2024年12月5日現在
227,183人のサービス介助士が全国で活躍中!
▲商店街の中で高齢者疑似体験中
「あおよこ」の愛称で親しまれている青物横丁商店街は、東海道五十三次の一番宿として賑わった旧・品川宿の地を中心に広がる広域商店街である。周辺には江戸の風情を伝える名所が点在する一方で、近代的な再開発による高層マンション・オフィスビルなども立ち並び、歴史と新しさが共存する街となっている。
商店街の中の飲食店、食料品店、日用品店、サービス業、製造業など多様な業種の約130の店舗・会社を会員とする青物横丁商店街振興組合では、早くからICポイントカードを導入するなど、情報技術への取り組みを進めてきた。
また、地域とのつながりを大切にし、しながわ宿場まつりなどの地域行事への参加や、地元小中学校との交流、地域サッカー大会の支援などの企画を積極的に展開している。
あおよこチャンネル(青物横丁商店街振興組合)URL:http://www.aoyoko.ch/
同振興組合では「介助が必要なお客様に親切であたたかいおもてなしを心がける街でありたい」との思いから、会員を対象とするサービス介助士資格の普及にも取り組んでいる。
2009年度はサービス介助士検定取得講座の実技教習を商店街内にて開催した。これには普段生活するうえで気づかなかった不便さやサービス・接客状況などを確認し、さらに、その商店街で暮らす他の人々の意識向上への効果も期待できるというメリットがある。
▲高齢者疑似体験中
実技教習の高齢者疑似体験では、老人性白内障と同じような見え方をする特殊ゴーグルを付け、耳栓をし、手足に重りやサポーターを装着して、指を2本ずつしばって手袋をつけるなど、高齢者と同じ身体感覚になって、実際に商店街を歩いたり、店で買い物をしたりした。
いすから車いすへの移乗
視覚障がい者への手引き
車いす使用者や視覚・聴覚障がい者への介助方法、片側にまひがある人への介助方法の実習は、振興組合の会議室で実施。介助する側・される側の両方の立場を体験した。
最後に実技教習のまとめとして、「視覚障がいのあるお客様がスーパーマーケットで買い物をするときの手伝い」という具体的な介助の場面を想定したロールプレイを全員で行った。
▲ロールプレイ中
ロールプレイでは視覚に障がいのあるお客様の役をやりました。介助する側だけでなく、介助される側の立場にもなって実習できたのはとてもよかったです。私の祖母が最近急に視力が落ちて何も見えなくなり、耳も聞こえないので「テレビも見ることができなくなったし、何も楽しいことがない」と言っているのですが、実技教習を受けて、祖母の気持ちが少しわかるようになったと思います。ありがとうございました。

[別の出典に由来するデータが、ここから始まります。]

Lemma stair_path_pos (x y : int) (hs : seq int) (H : int) k : path <=%R y (rcons hs H) ->
  (k <= size (stair_path y hs H))%N ->
  exists i, [/\ (i <= size hs)%N,
    (path_pos (x, y) (stair_path y hs H) k).1 = x + i%:Z &
    nth H (y :: hs) i <= (path_pos (x, y) (stair_path y hs H) k).2 <= nth H hs i].
Proof.
elim: hs x y k => [|h hs IH] x y k; rewrite ?rcons_cons [path _ _ _]/= => /andP [hy hp].
  rewrite [stair_path _ _ _]/= size_nseq => hk; exists 0%N.
  by rewrite path_pos_north // [_.1]/= [_.2]/= addr0; split => //=; lia.
rewrite [X in size X]/= size_cat size_nseq [size _]/= => hk.
case: (leqP k (absz (h - y))) => hk1.
  exists 0%N; rewrite path_pos_catl ?size_nseq // path_pos_north // [_.1]/= [_.2]/= addr0.
  by split => //=; lia.
have [k' ek] : exists k', k = (absz (h - y) + k'.+1)%N.
  by exists (k - (absz (h - y)).+1)%N; lia.
have := path_pos_stair_cons x hs H k' hy; rewrite [stair_path _ _ _]/= -ek => ->.
have [|i [hi h1 h2]] := IH (x + 1) h k' hp; first by lia.
by exists i.+1; split => //; rewrite h1; lia.
Qed.

Lemma stair_path_east_stepP (x0 y : int) (hs : seq int) (H x h : int) :
  path <=%R y (rcons hs H) ->
  (exists k, east_step_at (x0, y) (stair_path y hs H) k x h) <->
  exists2 i, (i < size hs)%N & x = x0 + i%:Z /\ h = nth H hs i.
Proof.
elim: hs x0 y x h => [|h' hs IH] x' y x h /=.
  by move=> _; split=> [[k [hk]]|[]] //; rewrite nth_nseq; case: ifP.
move=> /andP [hy hp].
have eo : (x', y + (absz (h' - y))%:Z) = (x', h') by congr (_, _); lia.
split.
  move=> [k /east_step_at_north_cat [[|k'] _]]; rewrite /= eo.
    by case/east_step_at0 => _ [<- <-]; exists 0%N => //; rewrite addr0.
  rewrite east_step_atS /step_end /= addr0 => hk.
  have [|i hi [-> ->]] := (IH (x' + 1) h' x h hp).1; first by exists k'.
  by exists i.+1 => //; split => //; lia.
move=> [[|i] hi [-> ->]].
  exists (absz (h' - y) + 0)%N; apply/east_step_at_north_cat; exists 0%N => //=.
  by rewrite eo; apply/east_step_at0; rewrite addr0.
have [|k hk] := (IH (x' + 1) h' (x' + i.+1%:Z) (nth H hs i) hp).2.
  by exists i => //; split => //; lia.
exists (absz (h' - y) + k.+1)%N; apply/east_step_at_north_cat; exists k.+1 => //=.
by rewrite eo east_step_atS /step_end /= addr0.
Qed.

Lemma path_rcons_mkseq (T : Type) (e : rel T) (g : nat -> T) m y H : (0 < m)%N ->
  e y (g 0%N) -> (forall i, (i.+1 < m)%N -> e (g i) (g i.+1)) -> e (g m.-1) H ->
  path e y (rcons (mkseq g m) H).
Proof.
move=> hm h0 hs hH; apply/(pathP H) => i; rewrite size_rcons size_mkseq ltnS => hi.
rewrite nth_rcons_default; case: i hi => [|i] hi; first by rewrite /= nth_mkseq.
rewrite [nth _ (_ :: _) _]/= nth_rcons_default nth_mkseq //.
case: (ltnP i.+1 m) => him; first by rewrite nth_mkseq // hs.
by rewrite nth_default ?size_mkseq // (_ : i = m.-1) //; lia.
Qed.

Definition col_top (col : int * nat) : int := col.1 + col.2%:Z.

Definition overlaps (col col' : int * nat) : bool :=
  (col.1 <= col'.1) && (col'.1 < col_top col).

Definition stacked (cols : columns) : bool :=
  all (fun col => 0 < col.2)%N cols && sorted overlaps cols.

Definition tops_sorted (cols : columns) : bool := sorted <=%R (map col_top cols).

Definition bot (cols : columns) i : int := (nth (0, 0%N) cols i).1.
Definition len (cols : columns) i : nat := (nth (0, 0%N) cols i).2.
Definition top (cols : columns) i : int := bot cols i + (len cols i)%:Z.

Section Columns.

Variable cols : columns.

Lemma stacked_len_gt0 i : stacked cols -> (i < size cols)%N -> (0 < len cols i)%N.
Proof. by case/andP=> /(all_nthP (0, 0%N)) hl _ /hl. Qed.

Lemma stacked_overlap i : stacked cols -> (i.+1 < size cols)%N ->
  bot cols i <= bot cols i.+1 < top cols i.
Proof. by case/andP=> _ /(sortedP (0, 0%N)) hs /hs /andP [-> ->]. Qed.

Lemma tops_sortedP :
  reflect (forall i, (i.+1 < size cols)%N -> top cols i <= top cols i.+1) (tops_sorted cols).
Proof.
apply: (iffP (sortedP 0)); rewrite size_map => h i hi; have := h i hi;
  by rewrite !(nth_map (0, 0%N)) // ltnW.
Qed.

Lemma cells_ofP x y : cells_of cols (x, y) <->
  exists2 i, (i < size cols)%N & x = i%:Z /\ bot cols i <= y < top cols i.
Proof. by []. Qed.

(* The topmost cell of column i and the bottom cell of column i+1 are enclosed; since the
   East steps of each boundary path rise from column i to column i+1, so is the cell of
   column i+1 at the height of the former, i.e. that cell lies in column i+1. *)
Lemma parallelogram_tops_sorted :
  stacked cols -> parallelogram (cells_of cols) -> tops_sorted cols.
Proof.
move=> hst [o [s [t [_ _ hc]]]]; apply/tops_sortedP => i hi.
have hl := stacked_len_gt0 hst (ltnW hi).
have hl' := stacked_len_gt0 hst hi.
have /andP [hb1 hb2] := stacked_overlap hst hi.
have /hc [k1 [k2 [h1 [h2 [e1 e2 d]]]]] : cells_of cols (i%:Z, top cols i - 1).
  by apply/cells_ofP; exists i; [exact: ltnW | split => //; rewrite /top; lia].
have /hc [k1' [k2' [h1' [h2' [e1' e2' d']]]]] : cells_of cols (i.+1%:Z, bot cols i.+1).
  by apply/cells_ofP; exists i.+1 => //; split => //; rewrite /top; lia.
have lt_col : i%:Z < i.+1%:Z by rewrite ltz_nat.
have m1 := east_step_at_mono e1 e1' lt_col.
have m2 := east_step_at_mono e2 e2' lt_col.
have : cells_of cols (i.+1%:Z, top cols i - 1).
  by apply/hc; exists k1', k2', h1', h2'; split => //=; move: d d' => /=; lia.
by case/cells_ofP=> j _ [/eqP]; rewrite eqz_nat => /eqP <-; lia.
Qed.

End Columns.

Section Boundary.

Variable cols : columns.
Hypotheses (cols_stacked : stacked cols) (cols_tops : tops_sorted cols).
Hypothesis cols_gt0 : (0 < size cols)%N.

Local Notation m := (size cols).
Local Notation H := (top cols m.-1).
Local Notation o := ((0 : int), bot cols 0).
Local Notation lower := (stair_path (bot cols 0) (mkseq (bot cols) m) H).
Local Notation upper := (stair_path (bot cols 0) (mkseq (top cols) m) H).

Let lower_sorted : path <=%R (bot cols 0) (rcons (mkseq (bot cols) m) H).
Proof.
apply: path_rcons_mkseq => // [i /(stacked_overlap cols_stacked) /andP [] //|].
have : (0 < len cols m.-1)%N by apply: stacked_len_gt0; rewrite // ltn_predL.
by rewrite /H /top; lia.
Qed.

Let upper_sorted : path <=%R (bot cols 0) (rcons (mkseq (top cols) m) H).
Proof.
apply: path_rcons_mkseq => //; last by move=> i /(tops_sortedP _ cols_tops).
by have := stacked_len_gt0 cols_stacked cols_gt0; rewrite /top; lia.
Qed.

Lemma boundary_end :
  path_pos o lower (size lower) = path_pos o upper (size upper).
Proof. by rewrite !stair_path_end // !size_mkseq. Qed.

(* A common point lies in some column i on both paths; strictly inside (0 < i < m) the
   lower path stays at or below bot i, which is below top (i-1), where the upper path is. *)
Lemma boundary_meet k1 k2 : (k1 <= size lower)%N -> (k2 <= size upper)%N ->
  path_pos o lower k1 = path_pos o upper k2 ->
  (k1 = 0%N /\ k2 = 0%N) \/ (k1 = size lower /\ k2 = size upper).
Proof.
move=> hk1 hk2 e.
have [i [hi1 ex1 hy1]] := stair_path_pos 0 lower_sorted hk1.
have [j [hj1 ex2 hy2]] := stair_path_pos 0 upper_sorted hk2.
rewrite size_mkseq in hi1 hj1; rewrite e in ex1 hy1.
case E: (path_pos _ _ k2) e ex1 ex2 hy1 hy2 => [x y] e /= ex1 ex2 hy1 hy2.
have eij : i = j by lia.
subst j; case: i hi1 hj1 ex1 ex2 hy1 hy2 => [|i] hi1 _ ex1 _.
  rewrite /= nth_mkseq //= => hy1 hy2; left.
  have eo : (x, y) = o by congr (_, _); lia.
  by rewrite eo in e E; split; apply: path_pos_eq_start; eassumption.
case: (ltnP i.+1 m) => him.
  rewrite /= !nth_mkseq // ?(ltnW him) => h1 h2.
  by have /andP [_ hb] := stacked_overlap cols_stacked him; lia.
have ei : m.-1 = i by lia.
rewrite /= nth_mkseq // [nth H (mkseq (top cols) m) i.+1]nth_default ?size_mkseq //.
move=> _ hy2; right; rewrite ei in hy2.
have eo : (x, y) = path_pos o lower (size lower).
  rewrite stair_path_end // size_mkseq; congr (_, _); first by lia.
  by move: hy2; rewrite nth_mkseq // ei; lia.
split; [apply: (path_pos_eq_end (o := o) hk1) | apply: (path_pos_eq_end (o := o) hk2)].
  by rewrite e.
by rewrite E eo boundary_end.
Qed.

最初は「自分がパーキンソン病で身体に不自由なところがあるのに、人のお世話ができるのだろうか」という不安もありました。しかし、実技教習を終えてみて、お手伝いが必要な人を助けてあげたいという気持ちがますます強くなりました。
障がい者の集まりを手伝うようにになって2年になります。結構苦労も多くて、「もうやめよう」と思ったりもしますが、参加者に「今度はいつやるの?」とたずねられると、続けて行こうという気持ちがわいてきます。そういう心が今回この資格を受講してみてさらに強められたように感じます。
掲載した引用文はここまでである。